### What you need to do
Pick out each line of the records that includes the string "normCKC", and copy it.

** Given information follows **

(* With $\mathbf{Y}_\mathrm{l},\mathbf{Y}_\mathrm{e}$ as in the context and $g(\mathbf{v})=\frac{\mathbf{v}^H\mathbf{Y}_\mathrm{l}\mathbf{v}}{\mathbf{v}^H\mathbf{Y}_\mathrm{e}\mathbf{v}}$, let $\mathbf{v}^{(t)}\in\mathbb{C}^M$ satisfy $|v^{(t)}_i|=1$ for all $i$, let $$\mathbf{w}^{(t)}=\frac{\mathbf{Y}_\mathrm{l}\mathbf{v}^{(t)}}{(\mathbf{v}^{(t)})^H\mathbf{Y}_\mathrm{e}\mathbf{v}^{(t)}}-\frac{(\mathbf{v}^{(t)})^H\mathbf{Y}_\mathrm{l}\mathbf{v}^{(t)}}{[(\mathbf{v}^{(t)})^H\mathbf{Y}_\mathrm{e}\mathbf{v}^{(t)}]^2}\big[\mathbf{Y}_\mathrm{e}-\lambda_{\max}(\mathbf{Y}_\mathrm{e})\mathbf{I}_M\big]\mathbf{v}^{(t)},$$ and let $\mathbf{v}^{(t+1)}$ be any vector with $|v^{(t+1)}_i|=1$ for all $i$ and $v^{(t+1)}_i=w^{(t)}_i/|w^{(t)}_i|$ whenever $w^{(t)}_i\ne0$. Then $g(\mathbf{v}^{(t+1)})\ge g(\mathbf{v}^{(t)})$.
   Context: Let $M,N_t\ge1$, $P\ge0$, $\sigma_\mathrm{l}^2,\sigma_\mathrm{e}^2>0$, $\mathbf{R}_\mathrm{l},\mathbf{R}_\mathrm{e}\in\mathbb{C}^{M\times N_t}$, $\mathbf{f}\in\mathbb{C}^{N_t}$, and $\mathbf{Y}_i=\frac1M\mathbf{I}_M+\frac{P}{\sigma_i^2}\mathbf{R}_i\mathbf{f}\mathbf{f}^H\mathbf{R}_i^H$ for $i\in\{\mathrm{l},\mathrm{e}\}$. $\lambda_{\max}$ denotes the largest eigenvalue of a Hermitian matrix. *)

(* Complex scalars: an arbitrary numClosedFieldType C
   (the abstract structure of the complex numbers, with conjugation). *)
From HB Require Import structures.
From mathcomp Require Import all_boot all_order all_algebra.
Set Implicit Arguments. Unset Strict Implicit. Unset Printing Implicit Defensive.
Import Order.TTheory GRing.Theory Num.Theory.
Local Open Scope ring_scope.

Definition hadj (C : numClosedFieldType) (m n : nat) (A : 'M[C]_(m, n)) : 'M[C]_(n, m) :=
  (map_mx Num.conj A)^T.

Definition Ymat (C : numClosedFieldType) (M Nt : nat) (P sigma2 : C)
  (R : 'M[C]_(M, Nt)) (f : 'cV[C]_Nt) : 'M[C]_M :=
  (M%:R)^-1%:M + (P / sigma2) *: (R *m f *m hadj f *m hadj R).

Definition qform (C : numClosedFieldType) (M : nat) (Y : 'M[C]_M) (v : 'cV[C]_M) : C :=
  (hadj v *m Y *m v) 0 0.

Definition is_lambda_max (C : numClosedFieldType) (M : nat) (Y : 'M[C]_M) (lam : C) : Prop :=
  eigenvalue Y lam /\ (forall b, eigenvalue Y b -> b <= lam).

Definition gratio (C : numClosedFieldType) (M : nat) (Yl Ye : 'M[C]_M) (v : 'cV[C]_M) : C :=
  qform Yl v / qform Ye v.

Definition wvec (C : numClosedFieldType) (M : nat) (Yl Ye : 'M[C]_M) (lam : C)
  (v : 'cV[C]_M) : 'cV[C]_M :=
  (qform Ye v)^-1 *: (Yl *m v)
  - (qform Yl v / (qform Ye v) ^+ 2) *: ((Ye - lam%:M) *m v).

From HB Require Import structures.
From mathcomp Require Import all_boot all_order all_algebra.
From mathcomp Require Import ring.
Set Implicit Arguments. Unset Strict Implicit. Unset Printing Implicit Defensive.
Import Order.TTheory GRing.Theory Num.Theory.
Local Open Scope ring_scope.

(* Write <x, y> = x^H y, a = <v, A v>, b = <v, B v>, b' = <v', B v'>.  When A
   is positive semidefinite, B <= lam I and <v', v'> = <v, v>, the gap
   g(v') - g(v) is, by a direct algebraic identity, the sum of three
   nonnegative terms:
     (1) <e, A e> / b'                 with e = v' - (b'/b) v,
     (2) (a/b^2) (lam <d, d> - <d, B d>) with d = v' - v,
     (3) 2 Re <w, v'> - 2 Re <w, v>    with w the MM direction (wvec).
   Term (3) is nonnegative because v' aligns the phase of every entry of w
   (lemma [phase_alignment]).

   The matrices Y_l, Y_e are rank-one updates c I + k u u^H with c > 0 and
   k >= 0; such matrices are Hermitian, positive definite, and, by
   Cauchy-Schwarz, bounded by their largest eigenvalue c + k <u, u>. *)

Section InnerProduct.
Variables (C : numClosedFieldType) (M : nat).
Implicit Types (x y z : 'cV[C]_M) (a : C).

Definition dot x y : C := (hadj x *m y) 0 0.

Lemma dotE x y : dot x y = \sum_i (x i 0)^* * y i 0.
Proof. by rewrite /dot /hadj !mxE; apply: eq_bigr => i _; rewrite !mxE. Qed.

Lemma qformE (Y : 'M[C]_M) x : qform Y x = dot x (Y *m x).
Proof. by rewrite /qform /dot mulmxA. Qed.

Lemma dotDl x y z : dot (x + y) z = dot x z + dot y z.
Proof. by rewrite !dotE -big_split; apply: eq_bigr => i _; rewrite !mxE rmorphD mulrDl. Qed.

Lemma dotDr x y z : dot z (x + y) = dot z x + dot z y.
Proof. by rewrite !dotE -big_split; apply: eq_bigr => i _; rewrite !mxE mulrDr. Qed.

Lemma dotNl x z : dot (- x) z = - dot x z.
Proof. by rewrite !dotE -sumrN; apply: eq_bigr => i _; rewrite !mxE rmorphN mulNr. Qed.

Lemma dotNr x z : dot z (- x) = - dot z x.
Proof. by rewrite !dotE -sumrN; apply: eq_bigr => i _; rewrite !mxE mulrN. Qed.

Lemma dotBl x y z : dot (x - y) z = dot x z - dot y z.
Proof. by rewrite dotDl dotNl. Qed.

Lemma dotBr x y z : dot z (x - y) = dot z x - dot z y.
Proof. by rewrite dotDr dotNr. Qed.

Lemma dotZl a x z : dot (a *: x) z = a^* * dot x z.
Proof. by rewrite !dotE mulr_sumr; apply: eq_bigr => i _; rewrite !mxE rmorphM mulrA. Qed.

Lemma dotZr a x z : dot z (a *: x) = a * dot z x.
Proof. by rewrite !dotE mulr_sumr; apply: eq_bigr => i _; rewrite !mxE mulrCA. Qed.

Lemma dot_conj x y : (dot x y)^* = dot y x.
Proof. by rewrite !dotE rmorph_sum; apply: eq_bigr => i _; rewrite rmorphM /= conjCK mulrC. Qed.

Lemma dot0l z : dot 0 z = 0.
Proof. by rewrite dotE big1 // => i _; rewrite mxE rmorph0 mul0r. Qed.

Lemma dot_ge0 x : 0 <= dot x x.
Proof. by rewrite dotE sumr_ge0 // => i _; rewrite -normCKC exprn_ge0. Qed.

Lemma dot_gt0 x : x != 0 -> 0 < dot x x.
Proof.
move=> nz; rewrite lt_def dot_ge0 andbT; apply: contra nz; rewrite dotE => /eqP Hs.
have Hge (i : 'I_M) : true -> 0 <= (x i 0)^* * x i 0 by rewrite -normCKC exprn_ge0.
have entries_eq0 := psumr_eq0P Hge Hs.
apply/eqP/matrixP => i j; rewrite (ord1 j) mxE; apply/eqP.
by move: (entries_eq0 i isT); rewrite -normCKC => /eqP; rewrite expf_eq0 normr_eq0.
Qed.

Lemma dot_unimodular x : (forall i, `|x i 0| = 1) -> dot x x = M%:R.
Proof.
move=> hx; rewrite dotE (eq_bigr (fun _ => 1)) ?sumr_const ?card_ord //.
by move=> i _; rewrite -normCKC hx expr1n.
Qed.

Lemma cauchy_schwarz x z : `|dot x z| ^+ 2 <= dot x x * dot z z.
Proof.
rewrite normCK dot_conj.
have [->|nz] := eqVneq x 0; first by rewrite !dot0l !mul0r.
have hx := dot_gt0 nz.
have H := dot_ge0 (dot x x *: z - dot x z *: x).
rewrite dotBl !dotBr !dotZl !dotZr (geC0_conj (ltW hx)) dot_conj in H.
have E : dot x x * (dot x x * dot z z - dot x z * dot z x) =
  dot x x * (dot x x * dot z z) - dot x x * (dot x z * dot z x) -
  (dot z x * (dot x x * dot x z) - dot z x * (dot x z * dot x x)) by ring.
by rewrite -E pmulr_rge0 // subr_ge0 in H.
Qed.

(* Aligning phases: if x1 has unimodular entries equal to the phase of w
   wherever w is nonzero, then Re <w, x1> >= Re <w, x0> for every
   unimodular x0; twice the real part is written as <w, x> + <x, w>. *)
Lemma phase_alignment (w x0 x1 : 'cV[C]_M) :
  (forall i, `|x0 i 0| = 1) -> (forall i, `|x1 i 0| = 1) ->
  (forall i, w i 0 != 0 -> x1 i 0 = w i 0 / `|w i 0|) ->
  dot w x0 + dot x0 w <= dot w x1 + dot x1 w.
Proof.
move=> h0 h1 hu; rewrite !dotE -!big_split /=; apply: ler_sum => i _.
have [->|nz] := eqVneq (w i 0) 0; first by rewrite rmorph0 !mul0r !mulr0.
have conj_swap (y : C) : y^* * w i 0 = ((w i 0)^* * y)^*.
  by rewrite rmorphM /= conjCK mulrC.
have add_conj_le (y : C) : y + y^* <= `|y| + `|y|.
  have := (leif_Re_Creal y).1; rewrite ReE ler_pdivrMr ?ltr0n // => h.
  by rewrite -mulr2n -mulr_natr.
have aligned : (w i 0)^* * x1 i 0 = `|(w i 0)^* * x0 i 0|.
  rewrite (hu i nz) normrM h0 mulr1 norm_conjC mulrA -normCKC expr2.
  by rewrite mulfK ?normr_eq0.
by rewrite !conj_swap aligned (geC0_conj (normr_ge0 _)).
Qed.
End InnerProduct.

Section RankOneUpdate.
Variables (C : numClosedFieldType) (M : nat).
Variables (c k : C) (u : 'cV[C]_M).
Hypotheses (hc : 0 < c) (hk : 0 <= k).
Implicit Types (x y : 'cV[C]_M).

Definition rank1 : 'M[C]_M := c%:M + k *: (u *m hadj u).

Lemma rank1_mul x : rank1 *m x = c *: x + (k * dot u x) *: u.
Proof.
rewrite mulmxDl mul_scalar_mx -scalemxAl -mulmxA [hadj u *m x]mx11_scalar.
by rewrite mul_mx_scalar scalerA.
Qed.

Lemma rank1_form x : dot x (rank1 *m x) = c * dot x x + k * `|dot u x| ^+ 2.
Proof. by rewrite rank1_mul dotDr !dotZr normCK dot_conj mulrA [_ * dot x u]mulrC. Qed.

Lemma rank1_hermitian x y : dot (rank1 *m x) y = dot x (rank1 *m y).
Proof.
rewrite !rank1_mul dotDl dotDr !dotZl !dotZr rmorphM /= dot_conj.
by rewrite !geC0_conj ?(ltW hc) // mulrAC.
Qed.

Lemma rank1_form_ge x : c * dot x x <= dot x (rank1 *m x).
Proof. by rewrite rank1_form lerDl mulr_ge0 ?exprn_ge0. Qed.

Lemma rank1_psd x : 0 <= dot x (rank1 *m x).
Proof. exact: le_trans (mulr_ge0 (ltW hc) (dot_ge0 x)) (rank1_form_ge x). Qed.

(* u^H is a left eigenvector for c + k <u, u>; if u = 0 any nonzero
   row vector is. *)
Lemma rank1_eigenvalue : (0 < M)%N -> eigenvalue rank1 (c + k * dot u u).
Proof.
move=> hM; apply/eigenvalueP; rewrite /rank1; have [->|nz] := eqVneq u 0.
  exists (const_mx 1 : 'rV[C]_M).
    by rewrite dot0l mulr0 addr0 mul0mx scaler0 addr0 mul_mx_scalar.
  apply/eqP => /matrixP /(_ 0 (Ordinal hM)); rewrite !mxE => /eqP.
  by rewrite oner_eq0.
exists (hadj u).
  rewrite mulmxDr mul_mx_scalar -scalemxAr !mulmxA.
  by rewrite [hadj u *m u]mx11_scalar mul_scalar_mx scalerDl scalerA.
apply: contra nz => /eqP /matrixP H; apply/eqP/matrixP => i j.
by move/eqP: (H j i); rewrite !mxE conjC_eq0 => /eqP ->.
Qed.

Lemma rank1_lambda_max (lam : C) : (0 < M)%N -> is_lambda_max rank1 lam ->
  0 < lam /\ forall x, dot x (rank1 *m x) <= lam * dot x x.
Proof.
move=> hM [_ lam_max]; have hb := lam_max _ (rank1_eigenvalue hM).
split.
  apply: lt_le_trans hb; exact: ltr_wpDr (mulr_ge0 hk (dot_ge0 u)) hc.
move=> x; apply: le_trans (ler_wpM2r (dot_ge0 x) hb).
by rewrite rank1_form mulrDl lerD2l -mulrA ler_wpM2l ?cauchy_schwarz.
Qed.

End RankOneUpdate.

Lemma Ymat_rank1 (C : numClosedFieldType) (M Nt : nat) (P s : C)
    (R : 'M[C]_(M, Nt)) (f : 'cV[C]_Nt) :
  Ymat P s R f = rank1 (M%:R)^-1 (P / s) (R *m f).
Proof. by rewrite /Ymat /rank1 /hadj map_mxM trmx_mul !mulmxA. Qed.

Section MMStep.
Variables (C : numClosedFieldType) (M : nat).
Variables (A B : 'M[C]_M) (lam : C).
Hypotheses (hermA : forall x y, dot (A *m x) y = dot x (A *m y))
           (hermB : forall x y, dot (B *m x) y = dot x (B *m y))
           (psdA : forall z, 0 <= dot z (A *m z))
           (boundB : forall z, dot z (B *m z) <= lam * dot z z)
           (lam_real : lam^* = lam).

Lemma mm_step_monotone (v v' : 'cV[C]_M) :
  0 < dot v (B *m v) -> 0 < dot v' (B *m v') -> dot v' v' = dot v v ->
  dot (wvec A B lam v) v + dot v (wvec A B lam v) <=
    dot (wvec A B lam v) v' + dot v' (wvec A B lam v) ->
  dot v (A *m v) / dot v (B *m v) <= dot v' (A *m v') / dot v' (B *m v').
Proof.
set a := dot v (A *m v); set b := dot v (B *m v); set b' := dot v' (B *m v').
move=> b_gt0 b'_gt0 same_norm improved.
have term1 := psdA (v' - (b' / b) *: v).
have term2 := boundB (v' - v); rewrite -subr_ge0 in term2.
have term3 := improved; rewrite -subr_ge0 in term3.
have q_ge0 : 0 <= a / b ^+ 2 := divr_ge0 (psdA v) (exprn_ge0 2 (ltW b_gt0)).
have gap_ge0 := addr_ge0 (addr_ge0 (divr_ge0 term1 (ltW b'_gt0))
                                   (mulr_ge0 q_ge0 term2)) term3.
(* the gap a'/b' - a/b equals the nonnegative sum gap_ge0 *)
rewrite -subr_ge0; apply: le_trans gap_ge0 _; rewrite le_eqVlt; apply/orP; left.
apply/eqP; rewrite /wvec !qformE mulmxBl mul_scalar_mx.
rewrite !(mulmxBr, mulmxDr, mulmxN) -!scalemxAr.
rewrite !(dotBl, dotBr, dotDl, dotDr, dotNl, dotNr, dotZl, dotZr).
rewrite lam_real (geC0_conj q_ge0) !geC0_conj ?invr_ge0 ?divr_ge0 ?ltW //.
rewrite !hermA !hermB same_norm /a /b /b'.
by field; rewrite !gt_eqF.
Qed.

End MMStep.

Theorem mainTheorem5 (C : numClosedFieldType) (M Nt : nat)
  (hM : (0 < M)%N) (hNt : (0 < Nt)%N)
  (P sl se : C) (hP : 0 <= P) (hsl : 0 < sl) (hse : 0 < se)
  (Rl Re : 'M[C]_(M, Nt)) (f : 'cV[C]_Nt)
  (lam : C) (hlam : is_lambda_max (Ymat P se Re f) lam)
  (v v' : 'cV[C]_M)
  (hv : forall i, `|v i 0| = 1)
  (hv' : forall i, `|v' i 0| = 1)
  (hupd : forall i,
     let w := wvec (Ymat P sl Rl f) (Ymat P se Re f) lam v in
     w i 0 != 0 -> v' i 0 = w i 0 / `|w i 0|) :
  gratio (Ymat P sl Rl f) (Ymat P se Re f) v <=
  gratio (Ymat P sl Rl f) (Ymat P se Re f) v'.
Proof.
have hc : 0 < (M%:R : C)^-1 by rewrite invr_gt0 ltr0n.
have hkl : 0 <= P / sl := divr_ge0 hP (ltW hsl).
have hke : 0 <= P / se := divr_ge0 hP (ltW hse).
move: hlam hupd; rewrite /gratio !qformE !Ymat_rank1 => hlam hupd.
have [lam_gt0 boundYe] := rank1_lambda_max hc hke hM hlam.
(* on unimodular vectors the form of Y_e is at least (1/M) M = 1 > 0 *)
have Ye_form_gt0 (x : 'cV[C]_M) : (forall i, `|x i 0| = 1) ->
    0 < dot x (rank1 (M%:R)^-1 (P / se) (Re *m f) *m x).
  move=> hx; apply: lt_le_trans (rank1_form_ge _ _ hke x).
  by rewrite dot_unimodular // mulVf ?ltr01 ?pnatr_eq0 -?lt0n.
apply: mm_step_monotone; rewrite ?Ye_form_gt0 ?dot_unimodular //.
- exact: rank1_hermitian.
- exact: rank1_hermitian.
- exact: rank1_psd.
- exact: geC0_conj (ltW lam_gt0).
- exact: phase_alignment hv hv' hupd.
Qed.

** End of Given information **

### The completed task
Proof. by rewrite dotE sumr_ge0 // => i _; rewrite -normCKC exprn_ge0. Qed.
have Hge (i : 'I_M) : true -> 0 <= (x i 0)^* * x i 0 by rewrite -normCKC exprn_ge0.
by move: (entries_eq0 i isT); rewrite -normCKC => /eqP; rewrite expf_eq0 normr_eq0.
by move=> i _; rewrite -normCKC hx expr1n.
  rewrite (hu i nz) normrM h0 mulr1 norm_conjC mulrA -normCKC expr2.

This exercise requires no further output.